→ EXERCISE AIM
Below are some records; quote exactly the lines from the one that contains "(Mendelson's axioms), instantiated" through the one that contains "(Dia a) (Dia b))))", inclusive, and no others.

→ Source records
%%

(* Let ${\bf S}$ be any logic over $For$ (a consequence relation $\vdash_{\bf S}$) lying between ${\bf Km}$ and ${\bf T45m}$, i.e. $\Gamma\vdash_{\bf Km}\alpha$ implies $\Gamma\vdash_{\bf S}\alpha$, and $\Gamma\vdash_{\bf S}\alpha$ implies $\Gamma\vdash_{\bf T45m}\alpha$, for all $\Gamma\cup\{\alpha\}\subseteq For$. Then ${\bf S}$ is a conservative extension of classical propositional logic ${\bf PC}$: for every formula $\alpha$ built from propositional variables using only $\neg$ and $\to$, $\vdash_{\bf S}\alpha$ iff $\alpha$ is a classical tautology.
   Context: Formulas are built from a denumerable set of propositional variables by the unary connectives $\neg$, $\Box$ and the binary connective $\to$; $For$ is the set of all formulas. Abbreviations: $\Diamond\alpha:=\neg\Box\neg\alpha$, $\alpha\vee\beta:=\neg\alpha\to\beta$, $\alpha\wedge\beta:=\neg(\alpha\to\neg\beta)$. All Hilbert calculi below have as axioms all instances (over $For$) of the axiom schemas of a standard Hilbert calculus for classical propositional logic in the signature $\{\neg,\to\}$, plus the listed modal schemas, with modus ponens as the only rule; $\Gamma\vdash_{\bf L}\alpha$ means there is a derivation of $\alpha$ from $\Gamma$ in ${\bf L}$. ${\bf Km}$: (K') $\Diamond\alpha\to(\Box(\alpha\to\beta)\to(\Box\alpha\to\Box\beta))$; (K1') $\Diamond\neg\beta\to(\Box(\alpha\to\beta)\to(\Diamond\alpha\to\Diamond\beta))$; (K2') $\Diamond\alpha\to(\Diamond(\alpha\to\beta)\to(\Box\alpha\to\Diamond\beta))$; (M3') $(\Diamond\alpha\vee\Diamond\neg\alpha)\to(\Diamond\beta\to\Diamond(\alpha\to\beta))$; (M4') $\Diamond\neg\beta\to(\Diamond\neg\alpha\to\Diamond(\alpha\to\beta))$; (I1) $(\Box\alpha\wedge\Box\neg\alpha)\to(\Box(\alpha\to\beta)\wedge\Box\neg(\alpha\to\beta))$; (I2) $(\Box\beta\wedge\Box\neg\beta)\to(\Box(\alpha\to\beta)\wedge\Box\neg(\alpha\to\beta))$; (M1) $\neg\Diamond\alpha\to\Box(\alpha\to\beta)$; (M2) $\Box\beta\to\Box(\alpha\to\beta)$; (DN1) $\Box\alpha\to\Box\neg\neg\alpha$; (DN2) $\Box\neg\neg\alpha\to\Box\alpha$. ${\bf T45m}$: (K) $\Box(\alpha\to\beta)\to(\Box\alpha\to\Box\beta)$; (K1) $\Box(\alpha\to\beta)\to(\Diamond\alpha\to\Diamond\beta)$; (K2) $\Diamond(\alpha\to\beta)\to(\Box\alpha\to\Diamond\beta)$; (M1); (M2); (M3) $\Diamond\beta\to\Diamond(\alpha\to\beta)$; (M4) $\Diamond\neg\alpha\to\Diamond(\alpha\to\beta)$; (T) $\Box\alpha\to\alpha$; (DN1); (DN2); (4) $\Box\alpha\to\Box\Box\alpha$; (5) $\Diamond\Box\alpha\to\Box\alpha$. *)

Inductive For : Type :=
| Var : nat -> For
| Neg : For -> For
| Box : For -> For
| Imp : For -> For -> For.

Definition Dia (a : For) : For := Neg (Box (Neg a)).
Definition Or (a b : For) : For := Imp (Neg a) b.
Definition And (a b : For) : For := Neg (Imp a (Neg b)).

(* A standard Hilbert calculus for classical propositional logic in {neg, ->}
   (Mendelson's axioms), instantiated over all of For. *)
Inductive PCAx : For -> Prop :=
| PC1 a b : PCAx (Imp a (Imp b a))
| PC2 a b c : PCAx (Imp (Imp a (Imp b c)) (Imp (Imp a b) (Imp a c)))
| PC3 a b : PCAx (Imp (Imp (Neg b) (Neg a)) (Imp (Imp (Neg b) a) b)).

Inductive KmModAx : For -> Prop :=
| KmK' a b : KmModAx (Imp (Dia a) (Imp (Box (Imp a b)) (Imp (Box a) (Box b))))
| KmK1' a b : KmModAx (Imp (Dia (Neg b)) (Imp (Box (Imp a b)) (Imp (Dia a) (Dia b))))
| KmK2' a b : KmModAx (Imp (Dia a) (Imp (Dia (Imp a b)) (Imp (Box a) (Dia b))))
| KmM3' a b : KmModAx (Imp (Or (Dia a) (Dia (Neg a))) (Imp (Dia b) (Dia (Imp a b))))
| KmM4' a b : KmModAx (Imp (Dia (Neg b)) (Imp (Dia (Neg a)) (Dia (Imp a b))))
| KmI1 a b : KmModAx (Imp (And (Box a) (Box (Neg a)))
                         (And (Box (Imp a b)) (Box (Neg (Imp a b)))))
| KmI2 a b : KmModAx (Imp (And (Box b) (Box (Neg b)))
                         (And (Box (Imp a b)) (Box (Neg (Imp a b)))))
| KmM1 a b : KmModAx (Imp (Neg (Dia a)) (Box (Imp a b)))
| KmM2 a b : KmModAx (Imp (Box b) (Box (Imp a b)))
| KmDN1 a : KmModAx (Imp (Box a) (Box (Neg (Neg a))))
| KmDN2 a : KmModAx (Imp (Box (Neg (Neg a))) (Box a)).

Inductive T45mModAx : For -> Prop :=
| TK a b : T45mModAx (Imp (Box (Imp a b)) (Imp (Box a) (Box b)))
| TK1 a b : T45mModAx (Imp (Box (Imp a b)) (Imp (Dia a) (Dia b)))
| TK2 a b : T45mModAx (Imp (Dia (Imp a b)) (Imp (Box a) (Dia b)))
| TM1 a b : T45mModAx (Imp (Neg (Dia a)) (Box (Imp a b)))
| TM2 a b : T45mModAx (Imp (Box b) (Box (Imp a b)))
| TM3 a b : T45mModAx (Imp (Dia b) (Dia (Imp a b)))
| TM4 a b : T45mModAx (Imp (Dia (Neg a)) (Dia (Imp a b)))
| TT a : T45mModAx (Imp (Box a) a)
| TDN1 a : T45mModAx (Imp (Box a) (Box (Neg (Neg a))))
| TDN2 a : T45mModAx (Imp (Box (Neg (Neg a))) (Box a))
| T4 a : T45mModAx (Imp (Box a) (Box (Box a)))
| T5 a : T45mModAx (Imp (Dia (Box a)) (Box a)).

Definition KmAx (a : For) : Prop := PCAx a \/ KmModAx a.
Definition T45mAx (a : For) : Prop := PCAx a \/ T45mModAx a.

Inductive Derivable (Ax : For -> Prop) (Gamma : For -> Prop) : For -> Prop :=
| D_ax a : Ax a -> Derivable Ax Gamma a
| D_hyp a : Gamma a -> Derivable Ax Gamma a
| D_mp a b : Derivable Ax Gamma (Imp a b) -> Derivable Ax Gamma a ->
             Derivable Ax Gamma b.

Definition vdash_Km (Gamma : For -> Prop) (a : For) : Prop := Derivable KmAx Gamma a.
Definition vdash_T45m (Gamma : For -> Prop) (a : For) : Prop := Derivable T45mAx Gamma a.

Definition consequence_relation (S : (For -> Prop) -> For -> Prop) : Prop :=
  (forall (Gamma : For -> Prop) a, Gamma a -> S Gamma a) /\
  (forall (Gamma Delta : For -> Prop) a,
      (forall b, Gamma b -> Delta b) -> S Gamma a -> S Delta a) /\
  (forall (Gamma Delta : For -> Prop) a,
      (forall b, Delta b -> S Gamma b) -> S Delta a -> S Gamma a).

Definition empty_set : For -> Prop := fun _ => False.

Fixpoint box_free (a : For) : Prop :=
  match a with
  | Var _ => True
  | Neg b => box_free b
  | Box _ => False
  | Imp b c => box_free b /\ box_free c
  end.

(* Classical two-valued evaluation (Box clause irrelevant on box-free formulas). *)
Fixpoint eval (v : nat -> bool) (a : For) : bool :=
  match a with
  | Var n => v n
  | Neg b => negb (eval v b)
  | Box _ => false
  | Imp b c => orb (negb (eval v b)) (eval v c)
  end.

Definition tautology (a : For) : Prop := forall v : nat -> bool, eval v a = true.

(* Reading [Box] as the identity turns every axiom of T45m into a classical
   tautology, and modus ponens preserves this, so every theorem of S (hence of
   T45m) becomes a tautology once its boxes are erased; box-free formulas are
   unchanged by the erasure.  Conversely, Km contains the axioms of the
   propositional calculus PC, which is complete by Kalmar's argument: a formula
   or its negation is derivable from the literals fixed by a valuation, and a
   tautology survives the elimination of these literals one at a time. *)

From Stdlib Require Import Lia PeanoNat.

Lemma Derivable_mono (Ax Ax' Gamma Gamma' : For -> Prop) (a : For) :
  (forall b, Ax b -> Ax' b) -> (forall b, Gamma b -> Gamma' b) ->
  Derivable Ax Gamma a -> Derivable Ax' Gamma' a.
Proof.
  intros HAx HGamma; induction 1.
  - apply D_ax; auto.
  - apply D_hyp; auto.
  - eapply D_mp; eauto.
Qed.

Lemma vdash_Km_of_PC (Gamma : For -> Prop) (a : For) :
  Derivable PCAx Gamma a -> vdash_Km Gamma a.
Proof. apply Derivable_mono; unfold KmAx; auto. Qed.

Fixpoint erase_box (a : For) : For :=
  match a with
  | Var n => Var n
  | Neg b => Neg (erase_box b)
  | Box b => erase_box b
  | Imp b c => Imp (erase_box b) (erase_box c)
  end.

Lemma erase_box_free (a : For) : box_free a -> erase_box a = a.
Proof.
  induction a as [n | b IHb | b _ | b IHb c IHc]; simpl; try tauto.
  - intros Hb; rewrite IHb; auto.
  - intros [Hb Hc]; rewrite IHb, IHc; auto.
Qed.

Lemma T45mAx_erase_tautology (a : For) : T45mAx a -> tautology (erase_box a).
Proof.
  intros [Ha | Ha] v; destruct Ha; simpl;
    repeat match goal with |- context [eval v ?x] => destruct (eval v x) end;
    reflexivity.
Qed.

Lemma vdash_T45m_erase_tautology (a : For) :
  vdash_T45m empty_set a -> tautology (erase_box a).
Proof.
  induction 1 as [a Ha | a Ha | a b _ IHab _ IHa]; intros v.
  - apply T45mAx_erase_tautology; exact Ha.
  - contradiction.
  - specialize (IHab v); simpl in IHab; rewrite (IHa v) in IHab; exact IHab.
Qed.

Section PropositionalCalculus.

Notation pc := (Derivable PCAx).

Definition add_premise (Gamma : For -> Prop) (h : For) : For -> Prop :=
  fun x => x = h \/ Gamma x.

Ltac pc_ax := apply D_ax; constructor.
Ltac pc_mp a := apply (D_mp _ _ a).

Lemma pc_premise (Gamma : For -> Prop) (h : For) : pc (add_premise Gamma h) h.
Proof. apply D_hyp; left; reflexivity. Qed.

Lemma pc_premise2 (Gamma : For -> Prop) (h h' : For) :
  pc (add_premise (add_premise Gamma h') h) h'.
Proof. apply D_hyp; right; left; reflexivity. Qed.

Lemma pc_imp_refl (Gamma : For -> Prop) (a : For) : pc Gamma (Imp a a).
Proof.
  pc_mp (Imp a (Imp a a)); [| pc_ax].
  pc_mp (Imp a (Imp (Imp a a) a)); pc_ax.
Qed.

Lemma pc_deduction (Gamma : For -> Prop) (h b : For) :
  pc (add_premise Gamma h) b -> pc Gamma (Imp h b).
Proof.
  induction 1 as [a Ha | a [-> | Ha] | a b _ IHab _ IHa].
  - pc_mp a; [pc_ax | apply D_ax; exact Ha].
  - apply pc_imp_refl.
  - pc_mp a; [pc_ax | apply D_hyp; exact Ha].
  - pc_mp (Imp h a); [| exact IHa].
    pc_mp (Imp h (Imp a b)); [pc_ax | exact IHab].
Qed.

Lemma pc_dneg_elim (Gamma : For -> Prop) (a : For) : pc Gamma (Imp (Neg (Neg a)) a).
Proof.
  apply pc_deduction.
  pc_mp (Imp (Neg a) (Neg a)); [| apply pc_imp_refl].
  pc_mp (Imp (Neg a) (Neg (Neg a))); [pc_ax |].
  pc_mp (Neg (Neg a)); [pc_ax | apply pc_premise].
Qed.

Lemma pc_dneg_intro (Gamma : For -> Prop) (a : For) : pc Gamma (Imp a (Neg (Neg a))).
Proof.
  apply pc_deduction.
  pc_mp (Imp (Neg (Neg (Neg a))) a).
  - pc_mp (Imp (Neg (Neg (Neg a))) (Neg a)); [pc_ax | apply pc_dneg_elim].
  - pc_mp a; [pc_ax | apply pc_premise].
Qed.

Lemma pc_contra (Gamma : For -> Prop) (a b : For) :
  pc Gamma (Imp (Imp (Neg b) (Neg a)) (Imp a b)).
Proof.
  do 2 apply pc_deduction.
  pc_mp (Imp (Neg b) a).
  - pc_mp (Imp (Neg b) (Neg a)); [pc_ax | apply pc_premise2].
  - pc_mp a; [pc_ax | apply pc_premise].
Qed.

Lemma pc_explosion (Gamma : For -> Prop) (a b : For) : pc Gamma (Imp (Neg a) (Imp a b)).
Proof.
  apply pc_deduction.
  pc_mp (Imp (Neg b) (Neg a)); [apply pc_contra |].
  pc_mp (Neg a); [pc_ax | apply pc_premise].
Qed.

Lemma pc_contrapos (Gamma : For -> Prop) (a b : For) :
  pc Gamma (Imp (Imp a b) (Imp (Neg b) (Neg a))).
Proof.
  apply pc_deduction.
  pc_mp (Imp (Neg (Neg a)) (Neg (Neg b))); [apply pc_contra |].
  apply pc_deduction.
  pc_mp b; [apply pc_dneg_intro |].
  pc_mp a; [apply pc_premise2 |].
  pc_mp (Neg (Neg a)); [apply pc_dneg_elim | apply pc_premise].
Qed.

Lemma pc_neg_imp (Gamma : For -> Prop) (a b : For) :
  pc Gamma (Imp a (Imp (Neg b) (Neg (Imp a b)))).
Proof.
  apply pc_deduction.
  pc_mp (Imp (Imp a b) b); [apply pc_contrapos |].
  apply pc_deduction.
  pc_mp a; [apply pc_premise | apply pc_premise2].
Qed.

Lemma pc_cases (Gamma : For -> Prop) (a b : For) :
  pc Gamma (Imp (Imp a b) (Imp (Imp (Neg a) b) b)).
Proof.
  do 2 apply pc_deduction.
  pc_mp (Imp (Neg b) (Neg a)).
  - pc_mp (Imp (Neg b) (Neg (Neg a))); [pc_ax |].
    pc_mp (Imp (Neg a) b); [apply pc_contrapos | apply pc_premise].
  - pc_mp (Imp a b); [apply pc_contrapos | apply pc_premise2].
Qed.

Definition literal (v : nat -> bool) (n : nat) : For :=
  if v n then Var n else Neg (Var n).

Definition literals_below (v : nat -> bool) (k : nat) : For -> Prop :=
  fun x => exists n, n < k /\ x = literal v n.

Definition signed (v : nat -> bool) (a : For) : For :=
  if eval v a then a else Neg a.

Fixpoint max_var (a : For) : nat :=
  match a with
  | Var n => n
  | Neg b | Box b => max_var b
  | Imp b c => Nat.max (max_var b) (max_var c)
  end.

Lemma pc_kalmar (v : nat -> bool) (a : For) (k : nat) :
  box_free a -> max_var a < k -> pc (literals_below v k) (signed v a).
Proof.
  induction a as [n | a IHa | a _ | a IHa b IHb]; simpl; intros Hbf Hk; try tauto.
  - apply D_hyp; exists n; split; [exact Hk |].
    unfold signed, literal; simpl; destruct (v n); reflexivity.
  - specialize (IHa Hbf Hk); unfold signed in *; simpl.
    destruct (eval v a); simpl; [| exact IHa].
    pc_mp a; [apply pc_dneg_intro | exact IHa].
  - destruct Hbf as [Hbfa Hbfb].
    specialize (IHa Hbfa ltac:(lia)); specialize (IHb Hbfb ltac:(lia)).
    unfold signed in *; simpl.
    destruct (eval v a), (eval v b); simpl in *.
    + pc_mp b; [pc_ax | exact IHb].
    + pc_mp (Neg b); [| exact IHb].
      pc_mp a; [apply pc_neg_imp | exact IHa].
    + pc_mp b; [pc_ax | exact IHb].
    + pc_mp (Neg a); [apply pc_explosion | exact IHa].
Qed.

Definition update (v : nat -> bool) (k : nat) (b : bool) : nat -> bool :=
  fun n => if Nat.eqb n k then b else v n.

Lemma literals_below_update (v : nat -> bool) (k : nat) (b : bool) (x : For) :
  literals_below (update v k b) (S k) x ->
  add_premise (literals_below v k) (literal (update v k b) k) x.
Proof.
  intros [n [Hn ->]].
  destruct (Nat.eq_dec n k) as [-> | Hne]; [left; reflexivity |].
  right; exists n; split; [lia |].
  unfold literal, update; rewrite (proj2 (Nat.eqb_neq n k) Hne); reflexivity.
Qed.

Lemma pc_eliminate_literal (a : For) (k : nat) :
  (forall v, pc (literals_below v (S k)) a) ->
  forall v, pc (literals_below v k) a.
Proof.
  intros Ha v.
  assert (Hb : forall b, pc (literals_below v k) (Imp (literal (update v k b) k) a)).
  { intros b; apply pc_deduction.
    apply (Derivable_mono PCAx PCAx (literals_below (update v k b) (S k)));
      [auto | apply literals_below_update | apply Ha]. }
  pose proof (Hb true) as Htrue; pose proof (Hb false) as Hfalse.
  unfold literal, update in Htrue, Hfalse; rewrite Nat.eqb_refl in Htrue, Hfalse.
  pc_mp (Imp (Neg (Var k)) a); [| exact Hfalse].
  pc_mp (Imp (Var k) a); [apply pc_cases | exact Htrue].
Qed.

Lemma pc_eliminate_literals (a : For) (k m : nat) :
  (forall v, pc (literals_below v (k + m)) a) ->
  forall v, pc (literals_below v m) a.
Proof.
  revert m; induction k as [| k IHk]; intros m Ha; [exact Ha |].
  apply pc_eliminate_literal, IHk.
  rewrite <- Nat.add_succ_comm; exact Ha.
Qed.

Theorem pc_complete (a : For) : box_free a -> tautology a -> pc empty_set a.
Proof.
  intros Hbf Htaut.
  assert (Hall : forall v, pc (literals_below v (S (max_var a))) a).
  { intros v; pose proof (pc_kalmar v a (S (max_var a)) Hbf ltac:(lia)) as Hv.
    unfold signed in Hv; rewrite Htaut in Hv; exact Hv. }
  rewrite <- (Nat.add_0_r (S (max_var a))) in Hall.
  apply (Derivable_mono PCAx PCAx (literals_below (fun _ => true) 0));
    [auto | intros x [n [Hn _]]; lia | exact (pc_eliminate_literals a _ 0 Hall _)].
Qed.

End PropositionalCalculus.

Theorem mainTheorem17 (S : (For -> Prop) -> For -> Prop) :
  consequence_relation S ->
  (forall (Gamma : For -> Prop) (a : For), vdash_Km Gamma a -> S Gamma a) ->
  (forall (Gamma : For -> Prop) (a : For), S Gamma a -> vdash_T45m Gamma a) ->
  forall a : For, box_free a -> (S empty_set a <-> tautology a).
Proof.
  intros _ Km_S S_T45m a Hbf; split.
  - intros HS.
    rewrite <- (erase_box_free a Hbf).
    apply vdash_T45m_erase_tautology, S_T45m, HS.
  - intros Htaut.
    apply Km_S, vdash_Km_of_PC, pc_complete; assumption.
Qed.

%%

→ ANSWER FOR THE TASK
   (Mendelson's axioms), instantiated over all of For. *)
Inductive PCAx : For -> Prop :=
| PC1 a b : PCAx (Imp a (Imp b a))
| PC2 a b c : PCAx (Imp (Imp a (Imp b c)) (Imp (Imp a b) (Imp a c)))
| PC3 a b : PCAx (Imp (Imp (Neg b) (Neg a)) (Imp (Imp (Neg b) a) b)).

Inductive KmModAx : For -> Prop :=
| KmK' a b : KmModAx (Imp (Dia a) (Imp (Box (Imp a b)) (Imp (Box a) (Box b))))
| KmK1' a b : KmModAx (Imp (Dia (Neg b)) (Imp (Box (Imp a b)) (Imp (Dia a) (Dia b))))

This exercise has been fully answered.